Oman Air was one of Ascend’s customers (Picture: Getty Images)
Insiders say Ascend also shared that a lack of contracts – again due to airlines scaling back operations amid the jet fuel crisis –also caused issues for the company.
Aviation Business News reports that they unsuccessfully bid on a licence to operate across the Scottish islands.
Although new, Ascend Airways is part of the Avia Solutions Group family, the world’s largest ACMI provider, based in Dublin – and includes Latvia-based SmartLynx which calls itself the ‘Uber of aviation’, and Lithuanian Avion Express.
For a run down of all the airlines cancelling flights and adding extra charges amid jet fuel crisis, read Metro’s full guide.
Metro have contacted Ascend Airlines for comment.
What is wet-leasing?
Rhys Jones, aviation editor at headforpoints.com, told Metro: ‘Wet leasing is a common practice in aviation where airlines effectively “rent” someone else’s aircraft to fly for them.
‘Unlike a “dry” lease, which covers just the aircraft, a wet lease comes with pilots and cabin crew to operate the plane. This means they can often be dropped into services at short notice as airlines do not have to train or retrain crew to operate.’
Passengers are not able to book onto these aircraft directly as wet lessors do not usually run commercial, bookable services, catering to the airlines directly instead.
Rhys says: ‘There are a number of companies that specialise in wet-leased aircraft including, in the UK, Titan Airways.

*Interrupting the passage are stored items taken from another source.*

(* Let $(\mu,\sigma)\in\mathbb{K}[[\mathtt{x}]]\times\mathfrak{M}$ be topologically nilpotent, i.e. $\lim_{n\to\infty}(\mu,\sigma)^{\rtimes n}=(0,0)$. Then for every sequence of scalars $(\alpha_n)_{n\in\mathbb{N}}$ in $\mathbb{K}$, the family $(\alpha_n(\mu,\sigma)^{\rtimes n})_{n\in\mathbb{N}}$ is summable in $\mathbb{K}[[\mathtt{x}]]\times\mathfrak{M}$.
   Context: $\mathbb{K}$ is a field of characteristic zero (discrete topology); $\mathbb{K}[[\mathtt{x}]]$ has the $(\mathtt{x})$-adic topology; $\mathfrak{M}:=\mathtt{x}\mathbb{K}[[\mathtt{x}]]$ the subspace topology; $\mathbb{K}[[\mathtt{x}]]\times\mathfrak{M}$ the product topology and componentwise vector space structure. For $f=\sum f_n\mathtt{x}^n$ and $\sigma\in\mathfrak{M}$, $f\circ\sigma:=\sum f_n\sigma^n$. Product: $(\mu_1,\sigma_1)\rtimes(\mu_2,\sigma_2):=((\mu_1\circ\sigma_2)\mu_2,\sigma_1\circ\sigma_2)$; powers $(\mu,\sigma)^{\rtimes0}:=(1,\mathtt{x})$, $(\mu,\sigma)^{\rtimes n}$ the $n$-fold product. A family $(u_n)$ in a Hausdorff commutative topological group is summable if the net of finite partial sums over finite subsets of $\mathbb{N}$ (ordered by inclusion) converges. *)

From mathcomp Require Import all_boot all_order all_algebra.
Set Implicit Arguments. Unset Strict Implicit. Unset Printing Implicit Defensive.
Import Order.TTheory GRing.Theory Num.Theory.
Local Open Scope ring_scope.

Definition fps (K : fieldType) := nat -> K.

Section FPS.
Variable K : fieldType.

Definition fps_zero : fps K := fun _ => 0.
Definition fps_one : fps K := fun k => (k == 0%N)%:R.
Definition fps_X : fps K := fun k => (k == 1%N)%:R.
Definition fps_add (f g : fps K) : fps K := fun k => f k + g k.
Definition fps_scale (a : K) (f : fps K) : fps K := fun k => a * f k.
Definition fps_mul (f g : fps K) : fps K :=
  fun k => \sum_(i < k.+1) f i * g (k - i)%N.
Definition fps_pow (f : fps K) (n : nat) : fps K := iter n (fps_mul f) fps_one.

(* membership in the maximal ideal M = x K[[x]] *)
Definition inM (s : fps K) : Prop := s 0%N = 0.

(* composition f o s := sum_n f_n s^n; for s in M the series s^n has
   valuation >= n, so the coefficient of x^k only involves n <= k. *)
Definition fps_comp (f s : fps K) : fps K :=
  fun k => \sum_(n < k.+1) f n * fps_pow s n k.

Definition sdprod (p q : fps K * fps K) : fps K * fps K :=
  (fps_mul (fps_comp p.1 q.2) q.1, fps_comp p.2 q.2).

Fixpoint sdpow (p : fps K * fps K) (n : nat) : fps K * fps K :=
  match n with
  | 0%N => (fps_one, fps_X)
  | n'.+1 => sdprod (sdpow p n') p
  end.

Definition pz_add (p q : fps K * fps K) := (fps_add p.1 q.1, fps_add p.2 q.2).
Definition pz_scale (a : K) (p : fps K * fps K) :=
  (fps_scale a p.1, fps_scale a p.2).
Definition pz_zero : fps K * fps K := (fps_zero, fps_zero).

(* agreement of coefficients below N: the basic (x)-adic neighbourhoods
   (x^N K[[x]]), product topology on pairs *)
Definition pair_close (N : nat) (p q : fps K * fps K) : Prop :=
  forall k, (k < N)%N -> p.1 k = q.1 k /\ p.2 k = q.2 k.

Definition pair_seq_lim (u : nat -> fps K * fps K) (l : fps K * fps K) : Prop :=
  forall N, exists n0, forall n, (n0 <= n)%N -> pair_close N (u n) l.

Definition pair_fsum (u : nat -> fps K * fps K) (F : seq nat) :=
  foldr (fun i acc => pz_add (u i) acc) pz_zero F.

(* summability: the net of finite partial sums, indexed by finite subsets of
   nat ordered by inclusion, converges to a limit in K[[x]] x M *)
Definition pair_summable (u : nat -> fps K * fps K) : Prop :=
  exists S : fps K * fps K, inM S.2 /\
    forall N, exists F0 : seq nat, uniq F0 /\
      forall F : seq nat, uniq F -> {subset F0 <= F} ->
        pair_close N (pair_fsum u F) S.

End FPS.

(* A topologically nilpotent element has powers converging to 0 in the (x)-adic
   product topology, so for every coefficient index k only finitely many
   scaled powers have a nonzero k-th coefficient.  The sum of the family is
   then defined coefficientwise by finite sums, and every finite partial sum
   containing the relevant initial segment of indices agrees with it below
   any given order. *)
From mathcomp Require Import all_boot all_order all_algebra.
From Stdlib Require Import ClassicalEpsilon.
Set Implicit Arguments. Unset Strict Implicit. Unset Printing Implicit Defensive.
Import Order.TTheory GRing.Theory Num.Theory.
Local Open Scope ring_scope.

Lemma big_uniq_supset_iota (V : nmodType) (f : nat -> V) (B : nat) (F : seq nat) :
  (forall i, (B <= i)%N -> f i = 0) -> uniq F -> {subset iota 0 B <= F} ->
  \sum_(i <- F) f i = \sum_(i < B) f i.
Proof.
move=> f_eq0 uniqF subF.
rewrite (bigID (fun i => (i < B)%N)) /= [X in _ + X]big1; last first.
  by move=> i; rewrite -leqNgt; apply: f_eq0.
rewrite addr0 -big_filter -(big_mkord xpredT) /=.
apply: perm_big; apply: uniq_perm; [exact: filter_uniq | exact: iota_uniq |].
move=> i; rewrite mem_filter mem_iota add0n subn0 /=.
by case: ltnP => //= ltiB; rewrite subF ?mem_iota ?add0n.
Qed.

Section PairSeries.
Variable K : fieldType.
Implicit Types (u : nat -> fps K * fps K) (alpha : nat -> K).

Lemma pair_fsum_coef u F k :
  (pair_fsum u F).1 k = \sum_(i <- F) (u i).1 k /\
  (pair_fsum u F).2 k = \sum_(i <- F) (u i).2 k.
Proof.
elim: F => [|i F [IH1 IH2]]; first by rewrite !big_nil.
by rewrite !big_cons /= /fps_add -IH1 -IH2.
Qed.

Lemma pair_seq_lim0_scale u alpha :
  pair_seq_lim u (pz_zero K) ->
  pair_seq_lim (fun n => pz_scale (alpha n) (u n)) (pz_zero K).
Proof.
move=> u_lim0 N; have [n0 hn0] := u_lim0 N; exists n0 => n len0n k ltkN.
have [u1_eq0 u2_eq0] := hn0 n len0n k ltkN.
by rewrite /= /fps_scale u1_eq0 u2_eq0 !mulr0.
Qed.

(* The k-th coefficient of the sum is the finite sum over n < m k.+1, where
   m is a modulus of convergence of u to 0. *)
Lemma pair_summable_lim0 u :
  pair_seq_lim u (pz_zero K) -> (forall n, inM (u n).2) -> pair_summable u.
Proof.
move=> u_lim0 u2_inM.
have [m hm] : exists m : nat -> nat,
    forall N n, (m N <= n)%N -> pair_close N (u n) (pz_zero K).
  exact: (choice (fun N n0 => forall n, (n0 <= n)%N -> _) u_lim0).
have u_eq0 k n : (m k.+1 <= n)%N -> (u n).1 k = 0 /\ (u n).2 k = 0.
  by move=> len; exact: hm n len k (ltnSn k).
exists ((fun k => \sum_(n < m k.+1) (u n).1 k),
        (fun k => \sum_(n < m k.+1) (u n).2 k)); split.
  by apply: big1 => n _; exact: u2_inM.
move=> N; exists (iota 0 (\max_(k < N) m k.+1)); split; first exact: iota_uniq.
move=> F uniqF subF k ltkN; have [-> ->] := pair_fsum_coef u F k.
have subFk : {subset iota 0 (m k.+1) <= F}.
  move=> i; rewrite mem_iota add0n => ltim; apply: subF.
  rewrite mem_iota add0n (leq_trans ltim) //.
  exact: (leq_bigmax (F := fun j : 'I_N => m j.+1) (Ordinal ltkN)).
by split; apply: big_uniq_supset_iota => // n /u_eq0 [].
Qed.

Lemma sdpow_inM (p : fps K * fps K) n : inM (sdpow p n).2.
Proof.
elim: n => [|n IH] /=; first by rewrite /inM /fps_X.
by rewrite /inM /fps_comp big_ord1 IH mul0r.
Qed.

End PairSeries.

Theorem mainTheorem6 (K : fieldType) (charK0 : [pchar K] =i pred0)
  (mu sigma : fps K) (hsigma : inM sigma)
  (hnil : pair_seq_lim (fun n => sdpow (mu, sigma) n) (pz_zero K))
  (alpha : nat -> K) :
  pair_summable (fun n => pz_scale (alpha n) (sdpow (mu, sigma) n)).
Proof.
apply: pair_summable_lim0; first exact: pair_seq_lim0_scale.
by move=> n; rewrite /inM /= /fps_scale sdpow_inM mulr0.
Qed.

‘Unlike a conventional airlines with scheduled departures and route network, Titan Airways exists simply to operate services for other airlines and special charter flights.
‘As a result, you won’t find their flights available to book online or in flight search engines. Some airlines wet lease for others, such as Finnair, for Qatar Airways or Qantas.’
‘As a passenger, you may not know you are on a wet-leased aircraft until you step on the plane, as these flights operate as part of an airline’s normal operations, with the same flight number as one operated by an airline’s own aircraft,’ Rhys noted.
Airlines try and keep service as close to their own as possible. However, Rhys says an easy way to spot a wet-leased service is that it will not have the airline’s branding on the tail, and the crew will be wearing different uniforms.’
‘Whilst the interior cabin configuration is different, airlines will often try and load the same standard meal service they offer to all customers,’ Rhys says.
This article was published on April 28, 2026 and has been updated.